Lemma corner_angles_close : cos (sumL turn l) = 1.
Proof.
  pose proof Hcp as [Hs _].
  destruct (corners_at_v_cons) as [x1 [t El]].
  pose proof Hcyc as Hc. rewrite El in Hc. rewrite El.
  assert (Hclose : dir_in x1 = rot (s * sumL turn (x1 :: t)) (dir_in x1)).
  { apply (sectors_rot _ _ dir_in dir_out turn s corner_link t x1 x1); [|exact Hc].
    intros w Hw. apply corner_rot_at_v. rewrite El. exact Hw. }
  pose proof (dot_rot (s * sumL turn (x1 :: t)) (dir_in x1)) as Hd.
  rewrite <- Hclose, cos_sign in Hd by exact Hs.
  pose proof (corner_start_nonzero x1 ltac:(rewrite El; left; reflexivity)).
  apply Rmult_eq_reg_l with (dot (dir_in x1) (dir_in x1)); lra.
Qed.

Lemma corner_sectors_disjoint (x y : F D * bool) (a : pt) (sx sy psi : R) :
  In x l -> In y l -> fst x <> fst y -> 0 < dot a a ->
  dir_in x = rot (s * sx) a -> dir_in y = rot (s * sy) a ->
  sx < psi < sx + turn x -> sy < psi < sy + turn y -> False.
Proof.
  intros Hx Hy Hneq Ha Hdx Hdy Hpx Hpy.
  pose proof (corner_at_v _ Hx) as Hvx. pose proof (corner_at_v _ Hy) as Hvy.
  destruct x as [f i], y as [g j]. unfold dir_in, turn in *. simpl in *.
  rewrite <- Hvx in Hdx. rewrite <- Hvy in Hdy.
  destruct (corner_sector_interior D alpha c r p s Had Hcp Hcv f i a sx psi Hdx Ha Hpx)
    as [e0 [He0 I0]].
  destruct (corner_sector_interior D alpha c r p s Had Hcp Hcv g j a sy psi Hdy Ha Hpy)
    as [e1 [He1 I1]].
  pose proof (Rmin_l e0 e1). pose proof (Rmin_r e0 e1).
  assert (He : 0 < Rmin e0 e1) by (apply Rmin_glb_lt; assumption).
  specialize (I0 (Rmin e0 e1) ltac:(lra)). specialize (I1 (Rmin e0 e1) ltac:(lra)).
  rewrite Hvx in I0. rewrite Hvy in I1.
  apply (proj1 (Hemb f g Hneq) (padd (c v) (Rmin e0 e1) (rot (s * psi) a))).
  split; assumption.
Qed.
※
▶ _ACTIVITY_:
The answer must consist of every line from the entries above that contains the string "turn".

▶ _SOLUTION TO THE EXERCISE_:
Lemma corner_angles_close : cos (sumL turn l) = 1.
  assert (Hclose : dir_in x1 = rot (s * sumL turn (x1 :: t)) (dir_in x1)).
  { apply (sectors_rot _ _ dir_in dir_out turn s corner_link t x1 x1); [|exact Hc].
  pose proof (dot_rot (s * sumL turn (x1 :: t)) (dir_in x1)) as Hd.
  sx < psi < sx + turn x -> sy < psi < sy + turn y -> False.
  destruct x as [f i], y as [g j]. unfold dir_in, turn in *. simpl in *.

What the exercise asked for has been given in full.